*** Opening of DATA FOR THIS EXERCISE ***
(* For all integers $n,k$ with $1\le k\le n-1$, $\Gamma_{\times k,t}(K_n\times K_2)=2k+2$.
   Context: For an integer $k\ge1$ and a graph $G$ with $\delta(G)\ge k$, a set $S\subseteq V(G)$ is a $k$-tuple total dominating set ($k$TDS) if $|N_G(x)\cap S|\ge k$ for every $x\in V(G)$, and $\Gamma_{\times k,t}(G)$ is the maximum cardinality of a minimal (with respect to inclusion) $k$TDS of $G$. The cross (direct) product $G\times H$ has vertex set $V(G)\times V(H)$, with $(g_1,h_1)\sim(g_2,h_2)$ iff $g_1g_2\in E(G)$ and $h_1h_2\in E(H)$. *)

From mathcomp Require Import all_boot.
Set Implicit Arguments. Unset Strict Implicit. Unset Printing Implicit Defensive.

(* A simple graph on a finite type T is given by an adjacency relation e
   (assumed symmetric and irreflexive where relevant). *)

Definition nbhd (T : finType) (e : rel T) (x : T) : {set T} := [set y | e x y].

Definition is_kTDS (T : finType) (e : rel T) (k : nat) (S : {set T}) : bool :=
  [forall x, k <= #|nbhd e x :&: S|].

Definition is_minimal_kTDS (T : finType) (e : rel T) (k : nat) (S : {set T}) : bool :=
  is_kTDS e k S && [forall S' : {set T}, (S' \proper S) ==> ~~ is_kTDS e k S'].

Definition upper_ktuple_total_dom (T : finType) (e : rel T) (k : nat) : nat :=
  \max_(S : {set T} | is_minimal_kTDS e k S) #|S|.

Definition complete_graph (n : nat) : rel 'I_n := fun a b => a != b.

Definition cross_prod (T1 T2 : finType) (e1 : rel T1) (e2 : rel T2) : rel (T1 * T2) :=
  fun u v => e1 u.1 v.1 && e2 u.2 v.2.

(* A vertex (a, b) of G x K_2 sees exactly the copy of N_G(a) in the other layer, so a set
   S of vertices is a (minimal) k-tuple total dominating set of G x K_2 iff both of its
   layers are (minimal) k-tuple total dominating sets of G; hence the upper parameter of
   G x K_2 is twice that of G.  In K_n a set A is a kTDS iff |A| > k (every vertex
   sees all of A but itself), so the minimal ones have exactly k + 1 elements, which
   gives 2(k + 1). *)

From mathcomp Require Import all_boot.
From mathcomp Require Import zify.
Set Implicit Arguments. Unset Strict Implicit. Unset Printing Implicit Defensive.

Lemma card_ord_lt (m n : nat) : m <= n -> #|[set i : 'I_n | i < m]| = m.
Proof. by move=> le_mn; rewrite -sum1dep_card (big_ord_narrow le_mn) sum1_card card_ord. Qed.

Section Slices.
Variables T1 T2 : finType.
Implicit Types (S : {set T1 * T2}) (A : {set T1}) (b : T2).

Definition slice S b : {set T1} := [set a | (a, b) \in S].

Definition restrict_slice S b A : {set T1 * T2} :=
  [set x in S | (x.2 == b) ==> (x.1 \in A)].

Lemma card_slices S : #|S| = \sum_b #|slice S b|.
Proof.
have sliceE b : #|slice S b| = \sum_a ((a, b) \in S).
  by rewrite -sum1_card big_mkcond; apply: eq_bigr => a _; rewrite inE; case: ifP.
rewrite (eq_bigr _ (fun b _ => sliceE b)) exchange_big pair_bigA /=.
by rewrite -sum1_card big_mkcond; apply: eq_bigr => -[a b] _; case: ifP.
Qed.

Lemma subset_slices S' S : (S' \subset S) = [forall b, slice S' b \subset slice S b].
Proof.
apply/subsetP/forallP => [sub b | sub [a b] inS'].
  by apply/subsetP => a; rewrite !inE => /sub.
by have /subsetP/(_ a) := sub b; rewrite !inE; apply.
Qed.

Lemma slice_setXT A b : slice (setX A setT) b = A.
Proof. by apply/setP => a; rewrite !inE andbT. Qed.

Lemma slice_restrict S b A c :
  slice (restrict_slice S b A) c = if c == b then slice S c :&: A else slice S c.
Proof.
apply/setP => a; case: eqP => [->|/eqP/negbTE neq_cb];
  by rewrite !inE /= ?eqxx ?neq_cb ?andbT.
Qed.

Lemma restrict_slice_proper S b A :
  A \proper slice S b -> restrict_slice S b A \proper S.
Proof.
rewrite !properE => /andP[_ notsubA]; apply/andP; split.
  by apply/subsetP => x; rewrite inE => /andP[].
rewrite subset_slices; apply: contra notsubA => /forallP/(_ b).
by rewrite slice_restrict eqxx subsetI => /andP[].
Qed.

End Slices.

Lemma ord2_rev_neq (b : 'I_2) : rev_ord b != b.
Proof. by case: b => [[|[|?]] ?]. Qed.

Lemma ord2_neq_rev (b c : 'I_2) : c != b -> c = rev_ord b.
Proof. by case: b c => [[|[|?]] ?] [[|[|?]] ?] // _; apply: val_inj. Qed.

Section CrossK2.
Variables (T : finType) (e : rel T) (k : nat).
Local Notation eK2 := (cross_prod e (@complete_graph 2)).

Lemma nbhd_cross_K2 (S : {set T * 'I_2}) a b :
  nbhd eK2 (a, b) :&: S = setX (nbhd e a :&: slice S (rev_ord b)) [set rev_ord b].
Proof.
apply/setP => -[x c]; rewrite !inE /cross_prod /complete_graph /=.
case: (eqVneq c (rev_ord b)) => [->|neq_c]; first by rewrite (eq_sym b) ord2_rev_neq !andbT.
have -> : (b != c) = false by apply: contraNF neq_c; rewrite eq_sym => /ord2_neq_rev ->.
by rewrite !andbF.
Qed.

Lemma kTDS_cross_K2 (S : {set T * 'I_2}) :
  is_kTDS eK2 k S = [forall b, is_kTDS e k (slice S b)].
Proof.
have cardN a b : #|nbhd eK2 (a, b) :&: S| = #|nbhd e a :&: slice S (rev_ord b)|.
  by rewrite nbhd_cross_K2 cardsX cards1 muln1.
apply/forallP/forallP => [dom b | dom [a b]]; last first.
  by rewrite cardN; apply: (forallP (dom (rev_ord b))).
by apply/forallP => a; have := dom (a, rev_ord b); rewrite cardN rev_ordK.
Qed.

Lemma minimal_slice_cross_K2 (S : {set T * 'I_2}) b :
  is_minimal_kTDS eK2 k S -> is_minimal_kTDS e k (slice S b).
Proof.
case/andP=> domS /forallP minS; rewrite /is_minimal_kTDS.
rewrite kTDS_cross_K2 in domS; rewrite (forallP domS b) /=.
apply/forallP => A; apply/implyP => properA; apply/negP => domA.
have /implyP/(_ (restrict_slice_proper properA))/negP := minS (restrict_slice S b A); apply.
rewrite kTDS_cross_K2; apply/forallP => c.
rewrite slice_restrict; case: eqP => [->|_]; last exact: (forallP domS).
by rewrite (setIidPr (proper_sub properA)).
Qed.

Lemma minimal_cross_K2 (S : {set T * 'I_2}) :
  is_minimal_kTDS eK2 k S = [forall b, is_minimal_kTDS e k (slice S b)].
Proof.
apply/idP/forallP => [minS b | minSl]; first exact: minimal_slice_cross_K2.
apply/andP; split.
  by rewrite kTDS_cross_K2; apply/forallP => b; case/andP: (minSl b).
apply/forallP => S'; apply/implyP; rewrite properE !subset_slices negb_forall.
case/andP=> /forallP subS' /existsP[b notsub].
rewrite kTDS_cross_K2 negb_forall; apply/existsP; exists b.
case/andP: (minSl b) => _ /forallP/(_ (slice S' b))/implyP; apply.
by rewrite properE subS' notsub.
Qed.

Lemma upper_ktuple_total_dom_cross_K2 :
  upper_ktuple_total_dom eK2 k = 2 * upper_ktuple_total_dom e k.
Proof.
apply/eqP; rewrite eqn_leq; apply/andP; split.
  apply/bigmax_leqP => S minS; rewrite card_slices.
  rewrite -[X in _ <= X * _](card_ord 2) -sum_nat_const; apply: leq_sum => b _.
  by apply: leq_bigmax_cond; exact: minimal_slice_cross_K2.
case: (pickP (is_minimal_kTDS e k)) => [A minA | none]; last first.
  by rewrite /upper_ktuple_total_dom [X in 2 * X]big_pred0.
rewrite /upper_ktuple_total_dom [X in 2 * X](bigmax_eq_arg _ minA).
case: (arg_maxnP (fun S : {set T} => #|S|) minA) => A0 minA0 _.
have minX : is_minimal_kTDS eK2 k (setX A0 setT).
  by rewrite minimal_cross_K2; apply/forallP => b; rewrite slice_setXT.
by rewrite (leq_trans _ (leq_bigmax_cond _ minX)) // cardsX cardsT card_ord mulnC.
Qed.

End CrossK2.

Section CompleteGraph.
Variables (n k : nat).
Hypothesis k_gt0 : 0 < k.
Local Notation Kn := (@complete_graph n).

Lemma nbhd_complete (a : 'I_n) (A : {set 'I_n}) : nbhd Kn a :&: A = A :\ a.
Proof. by apply/setP => x; rewrite !inE /complete_graph eq_sym andbC. Qed.

Lemma kTDS_complete (A : {set 'I_n}) : 0 < n -> is_kTDS Kn k A = (k < #|A|).
Proof.
move=> n_gt0; apply/forallP/idP => [dom | ltkA a]; last first.
  rewrite nbhd_complete; move: ltkA; rewrite (cardsD1 a A).
  by case: (a \in A); [rewrite add1n ltnS | rewrite add0n => /ltnW].
have [A0 | [a aA]] := set_0Vmem A.
  by have := dom (Ordinal n_gt0); rewrite nbhd_complete A0 set0D cards0 leqNgt k_gt0.
by have := dom a; rewrite nbhd_complete (cardsD1 a A) aA.
Qed.

Lemma minimal_kTDS_complete (A : {set 'I_n}) : 0 < n ->
  is_minimal_kTDS Kn k A = (#|A| == k.+1).
Proof.
move=> n_gt0; rewrite /is_minimal_kTDS kTDS_complete //.
apply/andP/eqP => [[ltkA /forallP minA] | cardA]; last first.
  split; first by rewrite cardA.
  apply/forallP => A'; apply/implyP => /proper_card.
  by rewrite kTDS_complete // cardA ltnS -leqNgt.
apply/eqP; rewrite eqn_leq ltkA andbT leqNgt; apply/negP => bigA.
have [a aA] : exists a, a \in A by apply/card_gt0P; lia.
have /implyP := minA (A :\ a); rewrite properD1 // kTDS_complete // => /(_ isT)/negP.
by apply; rewrite (cardsD1 a A) aA in bigA.
Qed.

Lemma upper_ktuple_total_dom_complete : k < n -> upper_ktuple_total_dom Kn k = k.+1.
Proof.
move=> ltkn; have n_gt0 : 0 < n by lia.
apply/eqP; rewrite eqn_leq; apply/andP; split.
  by apply/bigmax_leqP => A; rewrite minimal_kTDS_complete // => /eqP ->.
have minA : is_minimal_kTDS Kn k [set i : 'I_n | i < k.+1].
  by rewrite minimal_kTDS_complete // card_ord_lt.
by rewrite -{1}(card_ord_lt ltkn) (leq_bigmax_cond _ minA).
Qed.

End CompleteGraph.

Theorem mainTheorem15 (n k : nat) (hk1 : 1 <= k) (hkn : k <= n - 1) :
  upper_ktuple_total_dom (cross_prod (@complete_graph n) (@complete_graph 2)) k
  = 2 * k + 2.
Proof.
have ltkn : k < n by lia.
by rewrite upper_ktuple_total_dom_cross_K2 upper_ktuple_total_dom_complete // mulnSr.
Qed.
*** Close of DATA FOR THIS EXERCISE ***
Using the records above, write out exactly the lines between the one holding "Lemma minimal_cross_K2 (S" and the one holding "rewrite kTDS_cross_K2 negb_forall;", inclusive; leave everything else out.

▸ OUTPUT BELOW:
Lemma minimal_cross_K2 (S : {set T * 'I_2}) :
  is_minimal_kTDS eK2 k S = [forall b, is_minimal_kTDS e k (slice S b)].
Proof.
apply/idP/forallP => [minS b | minSl]; first exact: minimal_slice_cross_K2.
apply/andP; split.
  by rewrite kTDS_cross_K2; apply/forallP => b; case/andP: (minSl b).
apply/forallP => S'; apply/implyP; rewrite properE !subset_slices negb_forall.
case/andP=> /forallP subS' /existsP[b notsub].
rewrite kTDS_cross_K2 negb_forall; apply/existsP; exists b.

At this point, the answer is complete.